Феликс тоже улыбнулся. Улыбка была послушной, натянутой, как маска. Он сидел прямо, говорил уверенно, делал вид, что всё в порядке. Что он не чувствует дыхания по ночам. Что не слышит шагов за дверью, когда никого нет. Что не видит мёртвые лица, уставившиеся на него сквозь окно. Что не помнит женщину с голосом… отца.
Он молчал. Изо всех сил.
Потому что знал: стоит сказать хоть слово — и его снова запрут. Словно сломанную игрушку, которой не нашлось места в доме взрослых.
Он уже чувствовал себя такой вещью. Молчаливой. Сломанной. Лишней.
Когда машина свернула к дому, он крепко сжал руки на коленях. Так, что побелели пальцы.
— Всё будет хорошо, — сказал дядя. Не глядя.
Но Феликс уже знал: не будет.
Потому что всё только начинается. Потому что где-то там — Мелисса. И та, что говорит голосом мёртвых.
Тени за стеклом
Проходили дни. Затем недели. Феликс старался жить, как будто всё было по-прежнему. Он ел, спал, играл на ощупь старые мелодии на гитаре. Но за закрытыми веками, под повязкой, мир не был тьмой. Он был иным. Живым. Пропитанным густыми сгустками тьмы, колышущимися в углах, стоящими за спиной, дышащими в затылок. Феликс пытался их игнорировать. Напрасно.

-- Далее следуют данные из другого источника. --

Lemma ldegU A B y : [disjoint A & B] -> ldeg (A `|` B) y = (ldeg A y + ldeg B y)%N.
Proof.
move=> AB; rewrite /ldeg -cardfsUI.
have /eqP -> : [fset C in A | y \in C] `&` [fset C in B | y \in C] == fset0.
  by apply: fdisjointWl (fdisjointWr _ AB); apply/fsubsetP => C; rewrite !inE => /andP[].
rewrite cardfs0 addn0; congr #|` _|.
by apply/fsetP => C; rewrite !inE andb_orl.
Qed.

Lemma ldeg1 C y : ldeg [fset C] y = (y \in C : nat).
Proof.
rewrite /ldeg; case: (boolP (y \in C)) => yC.
  rewrite [RHS]/= -(cardfs1 C); congr #|` _|; apply/fsetP => D; rewrite !inE.
  by case: (eqVneq D C) => [->|].
apply/eqP; rewrite cardfs_eq0; apply/eqP/fsetP => D; rewrite !inE.
by case: (eqVneq D C) => [->|]; rewrite ?(negbTE yC).
Qed.

Lemma ldeg_imfset (f : clause -> clause) (X : clauseset) y : {in X &, injective f} ->
  ldeg (f @` X) y = #|` [fset x in X | y \in f x]|.
Proof.
move=> finj; rewrite /ldeg; have -> : [fset C in f @` X | y \in C] = f @` [fset x in X | y \in f x].
  apply/fsetP => C; rewrite !inE; apply/andP/imfsetP => [[/imfsetP [x xX ->] yfx]|[x]].
    by exists x; rewrite // !inE xX.
  by rewrite !inE => /andP [xX yfx] ->; split => //; apply: in_imfset.
by apply: card_in_imfset => x1 x2; rewrite !inE => /andP [x1X _] /andP [x2X _]; apply: finj.
Qed.

Definition resolvent (v : nat) (C D : clause) : clause := (C `|` D) `\` [fset pos v; neg v].

Lemma in_resolvent v C D x :
  (x \in resolvent v C D) = (x.1 != v) && ((x \in C) || (x \in D)).
Proof.
rewrite !inE; case: x => a c /=; rewrite /pos /neg !xpair_eqE.
by case: (eqVneq a v) => //= _; case: c.
Qed.

Section SingularLiteral.
Variables (F : clauseset) (v : nat) (b : bool) (C0 : clause).
Hypotheses (muF : MU F) (C0F : C0 \in F) (vC0 : (v, b) \in C0)
  (C0_unique : forall C, C \in F -> (v, b) \in C -> C = C0).

Local Notation Rest := [fset C in F | v \notin var_cl C].
Local Notation Ds := [fset D in F | (v, ~~ b) \in D].

Lemma is_clause_C0 : is_clause C0.
Proof. exact: is_clauseset_mem muF.1 C0F. Qed.

(* Were [C0] satisfied off [v], setting [v] to [~~ b] would satisfy [D] while
   keeping every other clause satisfied, as only [C0] relies on [(v, b)]. *)
Lemma sat_but_one_falsifies D : D \in F -> (v, ~~ b) \in D ->
  exists phi, [/\ forall C, C \in F -> C != D -> sat_clause phi C,
    forall x, x \in D -> phi x.1 != x.2
    & forall x, x \in C0 -> x.1 != v -> phi x.1 != x.2].
Proof.
move=> DF vD; have [_ [unsatF minF]] := muF.
have [phi satFD] := minF _ (fproperD1 DF).
have {}satFD C : C \in F -> C != D -> sat_clause phi C.
  by move=> CF CD; apply: satFD; rewrite in_fsetD1 CD.
have satF_D : sat_clause phi D -> False.
  by move=> satD; apply: unsatF; exists phi => C CF; case: (eqVneq C D) => [->|]; auto.
exists phi; split => // [x xD|x xC0 xv]; apply/negP => /eqP phix.
  by apply: satF_D; apply/satP; exists x.
pose phi' u := if u == v then ~~ b else phi u.
apply: unsatF; exists phi' => C CF; apply/satP.
case: (eqVneq C D) => [->|CD]; first by exists (v, ~~ b); rewrite // /phi' eqxx.
have /satP [y yC phiy] := satFD C CF CD.
case: (eqVneq y.1 v) => [yv|yv]; last by exists y; rewrite // /phi' (negbTE yv).
case: (lit_same_var (x := (v, b)) yv) => ye; rewrite ye in yC.
  by exists x; rewrite ?(C0_unique CF yC) // /phi' (negbTE xv).
by exists (compl (v, b)); rewrite // /phi' eqxx.
Qed.

Lemma C0_clash_only_v D y : D \in F -> (v, ~~ b) \in D ->
  y \in C0 -> compl y \in D -> y.1 = v.
Proof.
move=> DF vD yC0 yD; apply/eqP/negPn/negP => yv.
have [phi [_ falsD falsC0]] := sat_but_one_falsifies DF vD.
have := falsD _ yD; have := falsC0 _ yC0 yv.
by rewrite /compl /=; case: (phi y.1); case: (y.2).
Qed.
(* Let $\mathcal{K}^{\langle\infty\rangle}$ be a planar unbounded simple nested fractal whose number of essential fixed points is $k=3$. Then $\mathcal{K}^{\langle\infty\rangle}$ has the good labelling property.
   Context: Setting: $L>1$, $N\ge2$, $\nu_1=0,\dots,\nu_N\in\mathbb{R}^2$, $\Psi_i(x)=x/L+\nu_i$, and $\mathcal{K}^{\langle 0\rangle}=\bigcup_i\Psi_i(\mathcal{K}^{\langle 0\rangle})$ is a planar simple nested fractal (essential fixed points $V_0^{\langle0\rangle}$: fixed points $x$ for which there are another fixed point $y$ and $\Psi_i\ne\Psi_j$ with $\Psi_i(x)=\Psi_j(y)$; open set condition, nesting, symmetry with respect to perpendicular bisectors of pairs of essential fixed points, connectivity); $k=\#V_0^{\langle0\rangle}$, and $V_0^{\langle0\rangle}$ spans a regular $k$-gon. $\mathcal{K}^{\langle M\rangle}=L^M\mathcal{K}^{\langle 0\rangle}$, $\mathcal{K}^{\langle\infty\rangle}=\bigcup_{M\ge0}\mathcal{K}^{\langle M\rangle}$. An $M$-complex is $\Delta_M=\mathcal{K}^{\langle M\rangle}+\nu_{\Delta_M}$ with $\nu_{\Delta_M}=\sum_{j=M+1}^{J}L^j\nu_{i_j}$ ($J\ge M+1$), vertex set $V(\Delta_M)=L^MV_0^{\langle0\rangle}+\nu_{\Delta_M}$; $V_M^{\langle M\rangle}=L^MV_0^{\langle0\rangle}$ and $V_M^{\langle\infty\rangle}$ is the union of all $V(\Delta_M)$. With $\mathcal{A}$ an alphabet of $k$ symbols and $\mathcal{R}_M$ the $k$ rotations about the barycenter of $\mathcal{K}^{\langle M\rangle}$ preserving $V_M^{\langle M\rangle}$, a good labelling function of order $M$ is $\ell_M:V_M^{\langle\infty\rangle}\to\mathcal{A}$, bijective on $V_M^{\langle M\rangle}$, such that for each $M$-complex $\Delta_M=\mathcal{K}^{\langle M\rangle}+\nu_{\Delta_M}$ there is $R_{\Delta_M}\in\mathcal{R}_M$ with $\ell_M(v)=\ell_M(R_{\Delta_M}(v-\nu_{\Delta_M}))$, $v\in V(\Delta_M)$. The good labelling property means that a good labelling function of some order $M\in\mathbb{Z}$ exists. *)

From mathcomp Require Import all_boot all_algebra.
From mathcomp Require Import all_classical all_reals all_analysis.
Set Implicit Arguments. Unset Strict Implicit. Unset Printing Implicit Defensive.
Import GRing.Theory Num.Theory numFieldNormedType.Exports.
Local Open Scope classical_set_scope.
Local Open Scope ring_scope.

Section NestedFractal.
Variable R : realType.
Notation pt := (R * R)%type.

(* ---------- the IFS  Psi_i(x) = x/L + nu_i,  i = 0..N-1  (paper: 1..N) ---------- *)
Variables (L : R) (N : nat) (nu : nat -> pt).

Definition Psi (i : nat) (x : pt) : pt := L^-1 *: x + nu i.

Definition psiw (w : seq nat) (x : pt) : pt := foldr Psi x w.

Definition word (n : nat) (w : seq nat) : Prop :=
  size w = n /\ all (fun i => (i < N)%N) w.

Definition fixed_points : set pt :=
  [set x | exists i, (i < N)%N /\ Psi i x = x].

Definition essential_fixed_points : set pt :=
  [set x | fixed_points x /\
     exists y, fixed_points y /\
       exists i j, [/\ (i < N)%N, (j < N)%N, Psi i <> Psi j & Psi i x = Psi j y]].

Definition is_attractor (K : set pt) : Prop :=
  [/\ compact K, K !=set0 &
      K = \bigcup_(i in [set i : nat | (i < N)%N]) (Psi i @` K)].

Definition open_set_condition : Prop :=
  exists U : set pt,
    [/\ open U, U !=set0,
        (exists r : R, forall x, U x -> `|x.1| <= r /\ `|x.2| <= r),
        (forall i, (i < N)%N -> Psi i @` U `<=` U) &
        (forall i j, (i < N)%N -> (j < N)%N -> i <> j ->
           Psi i @` U `&` Psi j @` U = set0)].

В один обычный день, среди обыденной тишины, воздух разрезал голос. Он пришёл с улицы, прорезал пространство, как клинок. Голос, болезненно знакомый, почти забытый, будто сон из детства.
— Эй, Фрэнсис! Открывай ворота, как всегда!
Лейла. Но это была не просто Лейла. Это был он. Его отец — в чужом теле, с тем же отчаянным жаром в голосе, что Феликс помнил в полузабытых объятиях.